This guide provides detailed technical information about document chunking capabilities in the Aurelio SDK. Chunking is the process of dividing a document into smaller, semantically meaningful segments for improved processing and retrieval.
Chunking Flow
Chunking Options
The SDK provides a flexible chunking API with several configurable parameters:
class ChunkingOptions(BaseModel):
max_chunk_length: Optional[int] = Field(
default=400, description="The maximum chunk length for the chunker"
)
chunker_type: Optional[Literal["regex", "semantic"]] = Field(
default="regex",
description="The chunker type, either regex or semantic",
)
window_size: Optional[int] = Field(
default=1, description="The window size for the semantic chunker"
)
delimiters: Optional[List[str]] = Field(
default_factory=list,
description="Optional.
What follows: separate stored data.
(* Let $g:\mathbb{R}\to\mathbb{R}$ be differentiable, $c_0>0$, $G(t)=\int_0^tg(s)\,ds$, assume $\int_{-\infty}^\infty e^{-c_0G(t)}dt<\infty$, let $c_1 = 1/\int_{-\infty}^\infty e^{-c_0G(t)}dt$, and let $Y$ have density $p(t)=c_1e^{-c_0G(t)}$ on $\mathbb{R}$ with distribution function $F(x)=P(Y\le x)$. Assume: (H1) $g$ is non-decreasing, $g(t)\ge 0$ for $t>0$ and $g(t)\le 0$ for $t\le 0$; (H2) there is $c_2<\infty$ such that for all $x$, $\min\big(1/c_1, 1/|c_0 g(x)|\big)\,(|x| + 3/c_1)\,\max(1, c_0|g'(x)|) \le c_2$. Then for all real $x$: $$\min(1-F(x),F(x))\le d_1p(x),\qquad |p'(x)|\min(F(x),1-F(x))\le d_2p^2(x),$$ $$M(x)\,\big|(p'/p)'(x)\big|\le d_3p(x),\qquad M(x)\le d_4p(x),$$ with $d_1=1/c_1$, $d_2=1$, $d_3=c_2$, $d_4=c_2$, where $$M(x)=\min\Big(E|Y|I_{\{Y\le x\}}+E|Y|\,F(x),\; E|Y|I_{\{Y>x\}}+E|Y|\,(1-F(x))\Big).$$
   Context: In (H2), $1/|c_0g(x)|$ is interpreted as $+\infty$ when $g(x)=0$. $I_A$ denotes the indicator of the event $A$. *)

From Stdlib Require Import Reals.
From Coquelicot Require Import Coquelicot.
Open Scope R_scope.

Definition Gint (g : R -> R) (t : R) : R := RInt g 0 t.

Definition udens (c0 : R) (g : R -> R) (t : R) : R := exp (- (c0 * Gint g t)).

Definition Zc (c0 : R) (g : R -> R) : R :=
  RInt_gen (udens c0 g) (Rbar_locally m_infty) (Rbar_locally p_infty).

Definition cnorm (c0 : R) (g : R -> R) : R := / Zc c0 g.

Definition dens (c0 : R) (g : R -> R) (t : R) : R := cnorm c0 g * udens c0 g t.

Definition cdf (c0 : R) (g : R -> R) (x : R) : R :=
  RInt_gen (dens c0 g) (Rbar_locally m_infty) (at_point x).

Definition EabsY (c0 : R) (g : R -> R) : R :=
  RInt_gen (fun t => Rabs t * dens c0 g t) (Rbar_locally m_infty) (Rbar_locally p_infty).

Definition EabsY_le (c0 : R) (g : R -> R) (x : R) : R :=
  RInt_gen (fun t => Rabs t * dens c0 g t) (Rbar_locally m_infty) (at_point x).

Definition EabsY_gt (c0 : R) (g : R -> R) (x : R) : R :=
  RInt_gen (fun t => Rabs t * dens c0 g t) (at_point x) (Rbar_locally p_infty).

Definition Mfun (c0 : R) (g : R -> R) (x : R) : R :=
  Rmin (EabsY_le c0 g x + EabsY c0 g * cdf c0 g x)
       (EabsY_gt c0 g x + EabsY c0 g * (1 - cdf c0 g x)).

(* min(1/c1, 1/|c0 g(x)|), with 1/|c0 g(x)| = +oo when g(x) = 0 *)
Definition minfac (c0 : R) (g : R -> R) (x : R) : R :=
  if Req_EM_T (g x) 0 then / cnorm c0 g
  else Rmin (/ cnorm c0 g) (/ Rabs (c0 * g x)).

(* The density p = c1 e^(-c0 G) satisfies p' = - c0 g p with c0 g nondecreasing, and G is
   superadditive on each half-line, so p (x + s) <= p x p s / c1 when x and s have the same sign.
   For the right tail T x = P (Y > x) with x >= 0 this gives T x <= T 0 p x / c1 (compare with
   the tail at 0 shifted by x), and integrating - p' = c0 g p >= c0 g x p over [x, +oo) gives
   c0 g x T x <= p x.  Integration by parts bounds E |Y| I_{Y > x} by (x + m) T x as soon as
   T <= m p beyond x; in particular the two halves of E |Y| are at most A^2 / c1 and B^2 / c1,
   where A + B = 1 are the two tails at 0, so E |Y| <= 1 / c1.  For x <= 0 the same argument runs on the reflected
   density p (- s), whose right tail is F. *)

From Stdlib Require Import Reals Lra.
From Coquelicot Require Import Coquelicot.
Open Scope R_scope.

Lemma ex_RInt_cont (h : R -> R) a b : (forall t, continuous h t) -> ex_RInt h a b.
Proof. intros; apply (ex_RInt_continuous (V:=R_CompleteNormedModule)); auto. Qed.

Lemma RInt_scal_cont (f : R -> R) a b c : (forall t, continuous f t) ->
  RInt (fun s => c * f s) a b = c * RInt f a b.
Proof. intros; apply (RInt_scal f a b c); apply ex_RInt_cont; auto. Qed.

Lemma filterlim_incr_bounded (F : R -> R) x K :
  (forall b1 b2, x <= b1 -> b1 <= b2 -> F b1 <= F b2) ->
  (forall b, x <= b -> F b <= K) ->
  exists l, l <= K /\ (forall b, x <= b -> F b <= l) /\
    filterlim F (Rbar_locally p_infty) (locally l).
Proof.
  intros Hincr HK.
  set (E := fun y => exists b, x <= b /\ y = F b).
  assert (E_bound : bound E) by (exists K; intros y [b [Hb ->]]; auto).
  assert (E_inhab : exists y, E y) by (exists (F x), x; split; [lra | auto]).
  destruct (completeness E E_bound E_inhab) as [l [l_ub l_lub]].
  exists l; split; [|split].
  - apply l_lub; intros y [b [Hb ->]]; auto.
  - intros b Hb; apply l_ub; exists b; auto.
  - apply filterlim_locally; intros eps.
    assert (close : exists b0, x <= b0 /\ l - eps < F b0).
    { apply Classical_Prop.NNPP; intros Hnot.
      assert (l <= l - eps) by
        (apply l_lub; intros y [b [Hb ->]]; apply Rnot_lt_le; intros Hlt; apply Hnot; eauto).
      destruct eps; simpl in *; lra. }
    destruct close as [b0 [Hb0 Hlt]].
    exists b0; intros b Hb.
    assert (F b0 <= F b) by (apply Hincr; lra).
    assert (F b <= l) by (apply l_ub; exists b; split; [lra | auto]).
    apply Rabs_lt_between'; lra.
Qed.

Lemma is_RInt_gen_p_infty_of_lim (h : R -> R) x l :
  (forall t, continuous h t) ->
  filterlim (fun b => RInt h x b) (Rbar_locally p_infty) (locally l) ->
  is_RInt_gen h (at_point x) (Rbar_locally p_infty) l.
Proof.
  intros Hc Hl.
  apply (filterlimi_lim_ext_loc (fun ab : R * R => RInt h (fst ab) (snd ab))
           (fun ab : R * R => is_RInt h (fst ab) (snd ab))).
  - apply filter_forall; intros [a b]; apply (RInt_correct h a b), ex_RInt_cont; auto.
  - intros P HP.
    apply Filter_prod with (Q := fun a => a = x) (R := fun b => P (RInt h x b)).
    + reflexivity.
    + exact (Hl P HP).
    + intros a b -> Hb; exact Hb.
Qed.

Lemma is_RInt_gen_m_infty_of_lim (h : R -> R) x l :
  (forall t, continuous h t) ->
  filterlim (fun a => RInt h a x) (Rbar_locally m_infty) (locally l) ->
  is_RInt_gen h (Rbar_locally m_infty) (at_point x) l.
Proof.
  intros Hc Hl.
  apply (filterlimi_lim_ext_loc (fun ab : R * R => RInt h (fst ab) (snd ab))
           (fun ab : R * R => is_RInt h (fst ab) (snd ab))).
  - apply filter_forall; intros [a b]; apply (RInt_correct h a b), ex_RInt_cont; auto.
  - intros P HP.
    apply Filter_prod with (Q := fun a => P (RInt h a x)) (R := fun b => b = x).
    + exact (Hl P HP).
    + reflexivity.
    + intros a b Ha ->; exact Ha.
Qed.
The regex delimiters for the regex chunker",
)
Parameter | Type | Default | Description |
---|
max_chunk_length | int | 400 | Maximum number of tokens per chunk |
chunker_type | str | "regex" | Chunking algorithm: "regex" or "semantic" |
window_size | int | 1 | Context window size for semantic chunking |
delimiters | List[str] | [] | Custom regex delimiters for regex chunking |
Chunking Methods
The SDK offers two primary methods for chunking documents:
- Direct chunking of text content via the
chunk
function
- Chunking during file processing via the []
extract
function](file-extraction)
Direct Text Chunking
def chunk(
self,
content: str,
max_chunk_length: int = 400,
chunker_type: Literal["regex", "semantic"] = "regex",
window_size: int = 1,
delimiters: Optional[List[str]] = None,
) -> ChunkResponse:
"""Chunk text content into smaller, semantically-meaningful segments."""
Usage Example
from aurelio_sdk import AurelioClient
client = AurelioClient()
text = """
Long document text that needs to be chunked into smaller segments.
This could be multiple paragraphs of content that would benefit from
semantic chunking for better processing downstream.
"""
response = client.chunk(
content=text,
max_chunk_length=300,
chunker_type="semantic",
window_size=2
)
# Access the chunks
for chunk in response.document.chunks:
print(f"Chunk {chunk.chunk_index}: {chunk.content[:50]}...")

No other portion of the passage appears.